Zeng grunts, opens his eyes, wonders what planet he is on.

“You work, don’t you, Zeng?” says Yumi.

Zeng nods. “General Lee’s Tasty Tennessee Kitchen. The one on Leicester Square. Very popular. Very busy.”

“That’s no excuse,” I say. “I don’t care if you’ve got some little part-time job. You should stay awake in my lessons. Falling asleep is rude.”
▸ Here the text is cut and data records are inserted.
End LogSumExp.

Lemma term_le_sum (R : numDomainType) (I : finType) (F : I -> R) (j : I) :
  (forall i, 0 <= F i) -> F j <= \sum_i F i.
Proof. by move=> F_ge0; rewrite (bigD1 j) //= lerDl sumr_ge0. Qed.

Lemma sum_over_endpoints (M : nmodType) (V E : finType) (ep : E -> bool -> V)
    (F : E -> bool -> M) :
  \sum_(i : V) \sum_(e : E) \sum_(b : bool | ep e b == i) F e b
  = \sum_(e : E) \sum_(b : bool) F e b.
Proof.
under eq_bigr do under eq_bigr do rewrite big_mkcond.
rewrite exchange_big; apply: eq_bigr => e _.
rewrite exchange_big; apply: eq_bigr => b _.
by rewrite -big_mkcond (big_pred1 (ep e b)) // => i; rewrite eq_sym.
Qed.

Section CostNorm.
Variables (R : realType) (V E X : finType).
Variables (Cv : V -> X -> R) (Ce : E -> X -> X -> R).

Lemma Cnorm_ge0 : 0 <= Cnorm_inf Cv Ce.
Proof. by rewrite /Cnorm_inf le_max bigmax_ge_id. Qed.

Lemma Cv_abs_le i x : `|Cv i x| <= Cnorm_inf Cv Ce.
Proof.
rewrite /Cnorm_inf le_max; apply/orP; left.
by apply: (bigmax_sup i) => //; exact: le_bigmax.
Qed.

Lemma Ce_abs_le e x y : `|Ce e x y| <= Cnorm_inf Cv Ce.
Proof.
rewrite /Cnorm_inf le_max; apply/orP; right.
apply: (bigmax_sup e) => //; apply: (bigmax_sup x) => //.
exact: le_bigmax.
Qed.

End CostNorm.

Lemma LdualE (R : realType) (V E X : finType) (ep : E -> bool -> V)
    (eta : R) (Cv : V -> X -> R) (Ce : E -> X -> X -> R) (lam : dualv R E X) :
  Ldual ep eta Cv Ce lam =
    \sum_(i : V) lse eta (fun x =>
        \sum_(e : E) \sum_(b : bool | ep e b == i) lam e b x - Cv i x)
  + \sum_(e : E) lse eta (fun p : X * X =>
        - Ce e p.1 p.2 - (lam e false p.1 + lam e true p.2)).
Proof.
rewrite /Ldual /lse !mulr_sumr; congr (_ + _); apply: eq_bigr.
- by move=> i _; congr (_ * ln _); apply: eq_bigr => x _; congr expR; ring.
- move=> e _; rewrite pair_bigA; congr (_ * ln _).
  by apply: eq_bigr => -[x y] _; congr expR; ring.
Qed.

Lemma sqnorm2_le (R : realType) (E X : finType) (lam : dualv R E X) (B : R) :
  0 <= B -> (forall e b x, 0 <= lam e b x) -> (forall e b x, lam e b x <= B) ->
  (forall x, \sum_(e : E) \sum_(b : bool) lam e b x <= B) ->
  sqnorm2 lam <= #|X|%:R * B ^+ 2.
Proof.
move=> B_ge0 lam_ge0 lam_le column_le.
apply: (@le_trans _ _ (\sum_(e : E) \sum_(b : bool) \sum_(x : X) B * lam e b x)).
  rewrite /sqnorm2; apply: ler_sum => e _; apply: ler_sum => b _.
  by apply: ler_sum => x _; rewrite expr2; apply: ler_wpM2r.
under eq_bigr do under eq_bigr do rewrite -mulr_sumr.
under eq_bigr do rewrite -mulr_sumr.
rewrite -mulr_sumr expr2 [X in _ <= X]mulrCA; apply: ler_wpM2l => //.
under eq_bigr do rewrite exchange_big; rewrite exchange_big /=.
apply: le_trans (ler_sum _ (fun x _ => column_le x)) _.
by rewrite sumr_const mulr_natl.
Qed.

(* Closure rules for continuity of real functions on a topological space,
   stated for whole functions so that they compose by [apply]. *)
Section Continuity.
Variables (R : realType) (T : topologicalType).

Lemma continuous_cstf (a : R^o) : continuous (fun _ : T => a).
Proof. by move=> t; apply: cvg_cst. Qed.

Lemma continuous_addf (f g : T -> R^o) :
  continuous f -> continuous g -> continuous (fun t => f t + g t).
Proof. by move=> f_cont g_cont t; exact: (continuousD (f_cont t) (g_cont t)). Qed.

Lemma continuous_subf (f g : T -> R^o) :
  continuous f -> continuous g -> continuous (fun t => f t - g t).
Proof. by move=> f_cont g_cont t; exact: (continuousB (f_cont t) (g_cont t)). Qed.

Lemma continuous_mulf (f g : T -> R^o) :
  continuous f -> continuous g -> continuous (fun t => f t * g t).
Proof. by move=> f_cont g_cont t; exact: (continuousM (f_cont t) (g_cont t)). Qed.

Lemma continuous_sum (I : Type) (r : seq I) (P : pred I) (F : I -> T -> R^o) :
  (forall i, continuous (F i)) -> continuous (fun t => \sum_(i <- r | P i) F i t).
Proof.
move=> F_cont; apply: continuous_big => [|i _]; [exact: add_continuous | exact: F_cont].
Qed.

Lemma continuous_expf (f : T -> R^o) :
  continuous f -> continuous (fun t => expR (f t) : R^o).
Proof.
by move=> f_cont t; apply: (continuous_comp (f_cont t)); exact: continuous_expR.
Qed.

Lemma continuous_lnf (f : T -> R^o) : continuous f -> (forall t, 0 < f t) ->
  continuous (fun t => ln (f t) : R^o).
Proof.
by move=> f_cont f_gt0 t; apply: (continuous_comp (f_cont t)); exact: continuous_ln.
Qed.

Lemma continuous_lse (I : finType) (eta : R) (i0 : I) (F : T -> I -> R^o) :
  (forall i, continuous (fun t => F t i)) -> continuous (fun t => lse eta (F t) : R^o).
Proof.
move=> F_cont; rewrite /lse; apply: continuous_mulf; first exact: continuous_cstf.
apply: continuous_lnf => [|t]; last exact: sum_expR_gt0 i0.
apply: continuous_sum => i; apply: continuous_expf.
by apply: continuous_mulf; [exact: continuous_cstf | exact: F_cont].
Qed.

End Continuity.

Definition real_power (R : realType) (I : Type) : topologicalType :=
  prod_topology (fun _ : I => R^o).

Lemma exists_min_box (R : realType) (I : finType) (F : real_power R I -> R^o) (M : R) :
  0 <= M -> continuous F ->
  exists2 g : I -> R, (forall i, 0 <= g i <= M) &
     forall h : I -> R, (forall i, 0 <= h i <= M) -> F g <= F h.
Proof.
move=> M_ge0 F_cont.
pose box := [set f : real_power R I | forall i, `[0, M]%classic (f i)]%classic.
have box_compact : compact box.
  exact: (@tychonoff I (fun _ => R^o) (fun _ => `[0, M]%classic)
            (fun _ => @segment_compact R _ _)).
have box_n0 : (box !=set0)%classic by exists (fun _ => 0) => i /=; rewrite in_itv /= lexx.
have [g g_box g_min] :=
  compact_EVT_min box_n0 box_compact (continuous_subspaceT F_cont).
exists g => [i | h h_box]; first by move: g_box; rewrite inE => /(_ i); rewrite /= in_itv.
by apply: g_min; rewrite inE => i /=; rewrite in_itv h_box.
Qed.

Section DualBounds.
Variables (R : realType) (V E X : finType) (ep : E -> bool -> V).
Variables (Cv : V -> X -> R) (Ce : E -> X -> X -> R) (eta : R) (x0 : X).
Hypothesis eta_gt0 : 0 < eta.

Local Notation L := (Ldual ep eta Cv Ce).
Local Notation L0 := (Ldual ep eta Cv Ce (@zero_dual R E X)).
Local Notation c := (Cnorm_inf Cv Ce).
Local Notation N := (#|V|%:R + #|E|%:R : R).
Local Notation u := (ln #|X|%:R / eta).
Local Notation load lam i x := (\sum_(e : E) \sum_(b : bool | ep e b == i) lam e b x).

Let card_X_gt0 : (0 < #|X|)%N.
Proof. by apply/card_gt0P; exists x0. Qed.

Let u_ge0 : 0 <= u.
Proof. by apply: divr_ge0; [apply: ln_ge0; rewrite (ler_nat R 1) | exact: ltW]. Qed.

Let N_mulE (a : R) : N * a = \sum_(i : V) a + \sum_(e : E) a.
Proof. by rewrite !sumr_const mulrDl !mulr_natl. Qed.

(* Gauge invariance: shifting each row [lam e b] by a constant moves the
   vertex terms down and the edge terms up by the same total amount. *)
Lemma Ldual_shift (lam : dualv R E X) (k : E -> bool -> R) :
  L (fun e b x => lam e b x - k e b) = L lam.
Proof.
rewrite !LdualE.
have vertex i : lse eta (fun x => load (fun e b x => lam e b x - k e b) i x - Cv i x)
    = lse eta (fun x => load lam i x - Cv i x)
      - \sum_(e : E) \sum_(b : bool | ep e b == i) k e b.
  rewrite -(lse_shift eta_gt0 _ _ x0); congr lse; apply: funext => x.
  by under eq_bigr do rewrite sumrB; rewrite sumrB; ring.
have edge e : lse eta (fun p : X * X => - Ce e p.1 p.2
      - (lam e false p.1 - k e false + (lam e true p.2 - k e true)))
    = lse eta (fun p : X * X => - Ce e p.1 p.2 - (lam e false p.1 + lam e true p.2))
      + (k e false + k e true).
  by rewrite -(lse_shift eta_gt0 _ _ (x0, x0)); congr lse; apply: funext => p; ring.
rewrite (eq_bigr _ (fun i _ => vertex i)) (eq_bigr _ (fun e _ => edge e)).
rewrite !big_split /= sumrN (sum_over_endpoints ep (fun e b => k e b)).
by rewrite [X in _ - X]exchange_big big_bool /=; ring.
Qed.

Lemma Ldual_normalize (lam : dualv R E X) :
  exists lam' : dualv R E X, [/\ (forall e b x, 0 <= lam' e b x),
    (forall e b, exists x, lam' e b x = 0) & L lam' = L lam].
Proof.
pose xmin e b := [arg min_(x < x0) lam e b x]%O.
have lam_min e b x : lam e b (xmin e b) <= lam e b x.
  by rewrite /xmin; case: arg_minP => // y _; apply.
exists (fun e b x => lam e b x - lam e b (xmin e b)); split.
- by move=> e b x; rewrite subr_ge0.
- by move=> e b; exists (xmin e b); rewrite subrr.
- exact: (Ldual_shift lam (fun e b => lam e b (xmin e b))).
Qed.

Lemma Ldual_zero_le : L0 <= N * (c + 2 * u).
Proof.
have vertex i : lse eta (fun x => load (@zero_dual R E X) i x - Cv i x) <= c + 2 * u.
  apply: le_trans (lse_le eta_gt0 (a := c) x0 _) _.
    move=> x; rewrite big1 ?sub0r => [|e _]; last by rewrite big1.
    by apply: ler_normlW; rewrite normrN Cv_abs_le.
  by rewrite lerD2l mulr_natl mulr2n lerDl u_ge0.
have edge e : lse eta (fun p : X * X => - Ce e p.1 p.2
    - (@zero_dual R E X e false p.1 + @zero_dual R E X e true p.2)) <= c + 2 * u.
  apply: le_trans (lse_le eta_gt0 (a := c) (x0, x0) _) _.
    move=> p; rewrite /zero_dual addr0 subr0.
    by apply: ler_normlW; rewrite normrN Ce_abs_le.
  by rewrite card_prod natrM lnM ?posrE ?ltr0n ?card_X_gt0 // mulrDl mulr_natl mulr2n.
rewrite LdualE N_mulE.
by apply: lerD; apply: ler_sum => ? _; [exact: vertex | exact: edge].
Qed.

Lemma Ldual_ge_load (lam : dualv R E X) (phi : V -> X) :
  (forall e b, exists x, lam e b x = 0) ->
  \sum_(i : V) load lam i (phi i) - N * c <= L lam.
Proof.
move=> lam_zero; rewrite LdualE N_mulE opprD addrA -sumrB -sumrN.
apply: lerD; apply: ler_sum.
- move=> i _; apply: le_trans (lse_ge eta_gt0 _ (phi i)); rewrite lerD2l lerN2.
  exact: ler_normlW (Cv_abs_le Cv Ce i (phi i)).
- move=> e _; have [[xe lam_xe] [ye lam_ye]] := (lam_zero e false, lam_zero e true).
  apply: le_trans (lse_ge eta_gt0 _ (xe, ye)) => /=.
  by rewrite lam_xe lam_ye addr0 subr0 lerN2; exact: ler_normlW (Ce_abs_le Cv Ce e xe ye).
Qed.

(* The side of the box containing the normalized sublevel set {L <= L 0}. *)
Definition dual_radius : R := 2 * N * (c + u).

Lemma dual_radius_ge0 : 0 <= dual_radius.
Proof. by rewrite /dual_radius !mulr_ge0 ?addr_ge0 ?Cnorm_ge0 ?u_ge0. Qed.

(* A normalized dual at least as good as zero has entries, squared norm and
   dual gap controlled by [dual_radius]: every vertex load is at most
   [L lam + N c <= L 0 + N c <= dual_radius], and each entry lies in the
   load of one of its endpoints. *)
Lemma sublevel_bounds (lam : dualv R E X) :
  (forall e b x, 0 <= lam e b x) -> (forall e b, exists x, lam e b x = 0) ->
  L lam <= L0 ->
  [/\ forall e b x, lam e b x <= dual_radius,
      sqnorm2 lam <= #|X|%:R * dual_radius ^+ 2
    & L0 - L lam <= dual_radius].
Proof.
move=> lam_ge0 lam_zero le_L0.
have radiusE : N * (c + 2 * u) + N * c = dual_radius by rewrite /dual_radius; ring.
have load_le phi : \sum_(i : V) load lam i (phi i) <= dual_radius.
  rewrite -radiusE -lerBlDr (le_trans (Ldual_ge_load phi lam_zero)) //.
  exact: le_trans le_L0 Ldual_zero_le.
have column_le x : \sum_(e : E) \sum_(b : bool) lam e b x <= dual_radius.
  by rewrite -(sum_over_endpoints ep (fun e b => lam e b x)); exact: (load_le (fun=> x)).
have entry_le e b x : lam e b x <= dual_radius.
  apply: le_trans (column_le x); apply: le_trans (term_le_sum b (lam_ge0 e ^~ x)) _.
  by apply: (term_le_sum (F := fun e => \sum_(b : bool) lam e b x)) => e';
    apply: sumr_ge0.
split => //; first exact: sqnorm2_le dual_radius_ge0 lam_ge0 entry_le column_le.
have := Ldual_ge_load (fun=> x0) lam_zero.
have : 0 <= \sum_(i : V) load lam i x0.
  by apply: sumr_ge0 => i _; apply: sumr_ge0 => e _; apply: sumr_ge0.
by have := Ldual_zero_le; rewrite -radiusE; lra.
Qed.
“Not such a little job,” says Imran.

“Work until three in morning,” says Zeng. “Do you want fries with that? Anything to drink? You want the General’s Happy Meal special? Toilets only for customer use.” He shakes his head. “Wah,” he says.

“It’s not insult for you,” says Imran. “London so expensive. He has to work too hard. We all do.”

“I don’t work,” says a young French woman. There are only a couple of French at Churchill’s. She sniffs the air disdainfully. Vanessa. “But the rest of them have to, I suppose.”

“I work in Pampas Steak Bar,” says Witold. “A bad place. Many drunks. Call me bloody Argie. ‘What’s it like to lose a war, Argie? Hands off the Falklands, Argie, okay? Hey, Argie-you like shagging sheep? You keep your filthy hands off those British sheep, Argie.’ I tell them I am Polish and they say they will smash my face in, wherever I come from.”

“Very English, no?” Vanessa says and laughs. “Swear and fight and eat bad food. A good night out for the English.”

“I work in Funky Sushi,” says a Japanese boy called Gen. He’s very shy and hasn’t volunteered any information about himself until now. “You know Funky Sushi? No? Really? It’s one of those-” He chats to Yumi in Japanese for a bit.

“Conveyor belt restaurant,” says Yumi. She makes a circular motion with her hand. “Where the food goes round and round.”

“Conveyor belt,” says Gen. “Considered very low in Japan. Cheap place, for workmen. Driving trucks and so forth. Because sushi not fresh enough when it goes round and round and round. Too old. But here-very fashion. Funky Sushi always busy. Always the kitchen-what do you call it?-mental.”

“We all work,” says Yumi. “I work in bar. The Michael Collins.”

“Irish pub,” says Zeng. “Very good atmosphere. Guinness and The Corrs. I enjoy looking for my craic in an Irish pub.”